**Action item:** From the line with "- by apply: Phi_form_ring." to the final line of the records, every line is to be duplicated exactly, both of those lines included.

**Exercise materials:**
Lemma beta_r_inj (r r' : R) :
  (forall v w : V, beta_r beta r v w =QZ beta_r beta r' v w) -> r = r'.
Proof.
move=> rr'; apply/eqP; rewrite -subr_eq0; apply/eqP/beta_eq0r => v.
have beta_v_add : additiveQZ (beta v) by move=> ? ?; apply: beta_biadditive.2.
apply: eqQZ_trans (additiveQZB beta_v_add _ _) _.
by have := rr' v 1; rewrite /eqQZ /beta_r !subr0 [_ *: 1]mulr1 [r' *: _]mulr1.
Qed.

Lemma beta_admissible : admissible beta.
Proof.
split; first exact: beta_biadditive.
split; first exact: beta_inj.
split; first exact: beta_onto.
split; first exact: beta_transpose.
exact: beta_r_inj.
Qed.

Definition Nm a := a * s a.

Lemma Nm_fixed a : s (Nm a) = Nm a.
Proof. by rewrite /Nm rmorphM sK mulrC. Qed.

Lemma phi0E (v : V) : phi0 p f v = psi (Nm v.1).
Proof. by rewrite /phi0 /psi /Nm sE. Qed.

(* Nm (a + b) - Nm a - Nm b = t + s t with t = a * s b; [psi] is additive on
   the fixed field of [s], and [psi (t + s t) = chi t]. *)
Lemma lambda_phi0 (v w : V) : lambdaQ (@phi0 p f F s) v w =QZ chi (v.1 * s w.1).
Proof.
rewrite /lambdaQ !phi0E /= -psi_trace.
have -> : Nm (v.1 + w.1) = Nm v.1 + Nm w.1 + (v.1 * s w.1 + s (v.1 * s w.1)).
  by rewrite /Nm !rmorphD !rmorphM sK; ring.
have trq : s (v.1 * s w.1 + s (v.1 * s w.1)) = v.1 * s w.1 + s (v.1 * s w.1).
  by rewrite rmorphD sK addrC.
have Nmq : s (Nm v.1 + Nm w.1) = Nm v.1 + Nm w.1 by rewrite rmorphD !Nm_fixed.
apply: eqQZ_trans (eqQZ_sub (eqQZ_sub (psi_add Nmq trq) (eqQZ_refl _)) (eqQZ_refl _)) _.
apply: eqQZ_trans (eqQZ_sub (eqQZ_sub (eqQZ_add (psi_add (Nm_fixed _) (Nm_fixed _))
  (eqQZ_refl _)) (eqQZ_refl _)) (eqQZ_refl _)) _.
by apply: eqQZ_eq; ring.
Qed.

Local Notation Phi := (@Phi_rho p f F s).

Lemma Phi_lambda phi : Phi phi ->
  exists r : R, forall v w : V, lambdaQ phi v w =QZ beta_r beta r v w.
Proof.
move=> [l phiE]; pose M := \sum_(t <- l) Nm t.1.1 *~ t.2.
exists ((0, - M) : R) => v w.
have lambdaE := @lambdaQ_lincomb _ _ _ l (fun t => t.2)
  (fun t => shiftQ (@phi0 p f F s) t.1) phi phiE v w.
apply: eqQZ_trans lambdaE _.
have -> : beta_r beta (0, - M) v w
    = chi (\sum_(t <- l) (Nm t.1.1 * (v.1 * s w.1)) *~ t.2).
  rewrite /beta_r betaE /=; congr chi; under eq_bigr do rewrite -mulrzAl.
  by rewrite -mulr_suml -/M; ring.
apply: eqQZ_sym.
have := additiveQZ_sum chi_additive l xpredT (fun t => (Nm t.1.1 * (v.1 * s w.1)) *~ t.2).
move/eqQZ_trans; apply; apply: eqQZ_sum => t _.
have := additiveQZMz chi_additive (Nm t.1.1 * (v.1 * s w.1)) t.2.
move/eqQZ_trans; apply; apply: eqQZ_mulz.
rewrite lambdaQ_shift; apply: eqQZ_sym; apply: eqQZ_trans (lambda_phi0 _ _) (eqQZ_eq _).
by congr chi; rewrite /= rmorphM /Nm; ring.
Qed.

Lemma Phi_quad phi : Phi phi -> Quad0 phi.
Proof.
move=> /Phi_lambda[r lambdaE]; apply: Quad0_of_polar.
exact: biadditive_eqQZ lambdaE (biadditive_beta_r r beta_biadditive).
Qed.

Lemma Phi_resp phi psi : (forall v, phi v =QZ psi v) -> Phi phi -> Phi psi.
Proof.
move=> phi_psi [l phiE]; exists l => v.
exact: eqQZ_trans (eqQZ_sym (phi_psi v)) (phiE v).
Qed.

Lemma Phi0 : Phi (fun _ => 0).
Proof. by exists [::] => v; rewrite big_nil; apply: eqQZ_refl. Qed.

Lemma PhiB phi psi : Phi phi -> Phi psi -> Phi (fun v => phi v - psi v).
Proof.
move=> [l1 phiE] [l2 psiE]; exists (l1 ++ map (fun t => (t.1, - t.2)) l2) => v.
rewrite big_cat big_map; apply: eqQZ_trans (eqQZ_sub (phiE v) (psiE v)) (eqQZ_eq _).
by rewrite -sumrN; congr (_ + _); apply: eq_bigr => t _; rewrite intrN mulNr.
Qed.

Lemma Phi_shift phi (r : R) : Phi phi -> Phi (shiftQ phi r).
Proof.
move=> [l phiE]; exists (map (fun t => (t.1 * r, t.2)) l) => v.
rewrite big_map; apply: eqQZ_trans (phiE _) (eqQZ_eq _).
by apply: eq_bigr => t _; rewrite /shiftQ scalerA.
Qed.

(* beta(v, r v) = - chi (r.2 * Nm v.1) is minus the polar form of [phi0] at
   ((r.2, 0) v, v), that is - phi0[(r.2, 0) + 1] + phi0[(r.2, 0)] + phi0. *)
Lemma Phi_diag (r : R) : Phi (diag_form (beta_r beta r)).
Proof.
pose c : R := (r.2, 0).
exists [:: (c + 1, -1%R); (c, 1%R); (1, 1%R)] => v.
rewrite !big_cons big_nil /shiftQ scalerDl scale1r /=.
have -> : -1 * phi0 p f (c *: v + v) + (1 * phi0 p f (c *: v) + (1 * phi0 p f v + 0))
    = - lambdaQ (@phi0 p f F s) (c *: v) v.
  by rewrite /lambdaQ; ring.
apply: eqQZ_trans (eqQZ_sym (eqQZ_opp (lambda_phi0 _ _))).
apply: eqQZ_trans (additiveQZN chi_additive _).
by apply: eqQZ_eq; rewrite /diag_form /beta_r betaE; congr chi; rewrite /=; ring.
Qed.

Lemma Phi_form_ring : form_ring beta Phi.
Proof.
split; first exact: beta_admissible.
split; first exact: Phi_resp.
split; first exact: Phi0.
split; first exact: PhiB.
split; first exact: Phi_quad.
split; first by move=> phi r; apply: Phi_shift.
split; first exact: Phi_diag.
exact: Phi_lambda.
Qed.

(** * Codes of Type rho are the Hermitian self-dual codes *)

Local Notation bar := (@bar_rho p f F s).

Lemma bar_mulr (r c : R) : bar (r * c) = bar c * bar r.
Proof. by rewrite /bar_rho -!sE /=; congr pair; rewrite /= ?rmorphM ?sK; ring. Qed.

Lemma beta_bar (x c : V) : beta x c = chi (((x : R) * bar c).2).
Proof. by rewrite betaE /bar_rho -sE /= sK; congr chi; ring. Qed.

Lemma sum_beta N (x c : {ffun 'I_N -> V}) :
  \sum_(i < N) beta (x i) (c i) =QZ chi ((\sum_(i < N) (x i : R) * bar (c i)).2).
Proof.
rewrite (big_morph (fun y : R => y.2) (fun _ _ => erefl) erefl).
apply: eqQZ_sym; apply: eqQZ_trans (additiveQZ_sum chi_additive _ _ _) (eqQZ_eq _).
by apply: eq_bigr => i _; rewrite beta_bar.
Qed.

Lemma beta_orthogonal_herm_dual N (C : {ffun 'I_N -> V} -> Prop) :
  left_submodule C ->
  forall x : {ffun 'I_N -> V},
    (forall c, C c -> \sum_(i < N) beta (x i) (c i) =QZ 0) <-> @herm_dual p f F s N C x.
Proof.
move=> [_ [_ C_scale]] x; split=> [x_orth c Cc | x_dual c Cc].
  apply: beta_eq0l => v; rewrite beta_bar.
  have := eqQZ_trans (eqQZ_sym (sum_beta _ _)) (x_orth _ (C_scale (v : R) c Cc)).
  by rewrite mulr_suml; under eq_bigr do rewrite ffunE bar_mulr mulrA.
apply: eqQZ_trans (sum_beta _ _) _; rewrite x_dual //.
exact: additiveQZ0 chi_additive.
Qed.

Lemma herm_dual_Nm N (C : {ffun 'I_N -> V} -> Prop) c :
  @herm_dual p f F s N C c -> C c -> \sum_(i < N) Nm (c i).1 = 0.
Proof.
move=> c_dual Cc; rewrite -[RHS](congr1 (fun y : R => y.1) (c_dual c Cc)).
rewrite (big_morph (fun y : R => y.1) (fun _ _ => erefl) erefl).
by apply: eq_bigr => i _; rewrite /= -sE.
Qed.

Lemma self_dual_phi0 N (C : {ffun 'I_N -> V} -> Prop) c :
  @herm_dual p f F s N C c -> C c -> \sum_(i < N) phi0 p f (c i) =QZ 0.
Proof.
move=> c_dual Cc; under eq_bigr do rewrite phi0E.
have := @psi_sum _ (index_enum 'I_N) xpredT (fun i => Nm (c i).1) (fun i _ => Nm_fixed _).
rewrite (herm_dual_Nm c_dual Cc) => /eqQZ_sym/eqQZ_trans; apply; apply: psi0.
Qed.

Lemma code_of_type_herm_self_dual N (C : {ffun 'I_N -> V} -> Prop) :
  left_submodule C ->
  code_of_type beta Phi C <->
  (forall x : {ffun 'I_N -> V}, C x <-> @herm_dual p f F s N C x).
Proof.
move=> C_sub; split=> [[_ [C_orth _]] x | C_self].
  by rewrite C_orth; apply: beta_orthogonal_herm_dual.
split; first exact: C_sub.
split=> [x | c phi Cc [l phiE]].
  by rewrite C_self; apply: iff_sym; apply: beta_orthogonal_herm_dual.
have := @eqQZ_sum _ (index_enum 'I_N) xpredT _ _ (fun i _ => phiE (c i)).
move/eqQZ_trans; apply.
rewrite exchange_big /=; apply: eqQZ_sum0 => t _; rewrite -mulr_sumr.
have Ctc := C_sub.2.2 t.1 c Cc.
have := eqQZ_mulz t.2 (self_dual_phi0 ((C_self _).1 Ctc) Ctc).
by rewrite mulr0; under eq_bigr do rewrite ffunE.
Qed.

End Rho.

Theorem mainTheorem8 (p f : nat) (F : finFieldType) (s : {rmorphism F -> F}) :
  prime p -> (0 < f)%N -> #|F| = ((p ^ f) ^ 2)%N ->
  (forall x : F, s x = x ^+ (p ^ f)%N) ->
  [/\ form_ring (@beta_rho p f F s) (@Phi_rho p f F s),
      is_J (@beta_rho p f F s) (@J_rho p f F s),
      (forall v w : regskew s, beta_rho p f v w =QZ beta_rho p f w (- v)) &
      forall (N : nat) (C : {ffun 'I_N -> regskew s} -> Prop),
        left_submodule C ->
        (code_of_type (@beta_rho p f F s) (@Phi_rho p f F s) C <->
         (forall x, C x <-> @herm_dual p f F s N C x))].
Proof.
move=> p_prime f_gt0 cardF sE; split.
- by apply: Phi_form_ring.
- by apply: beta_J.
- exact: beta_antisym.
- by move=> N C; apply: code_of_type_herm_self_dual.
Qed.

**Answer to the exercise:**
- by apply: Phi_form_ring.
- by apply: beta_J.
- exact: beta_antisym.
- by move=> N C; apply: code_of_type_herm_self_dual.
Qed.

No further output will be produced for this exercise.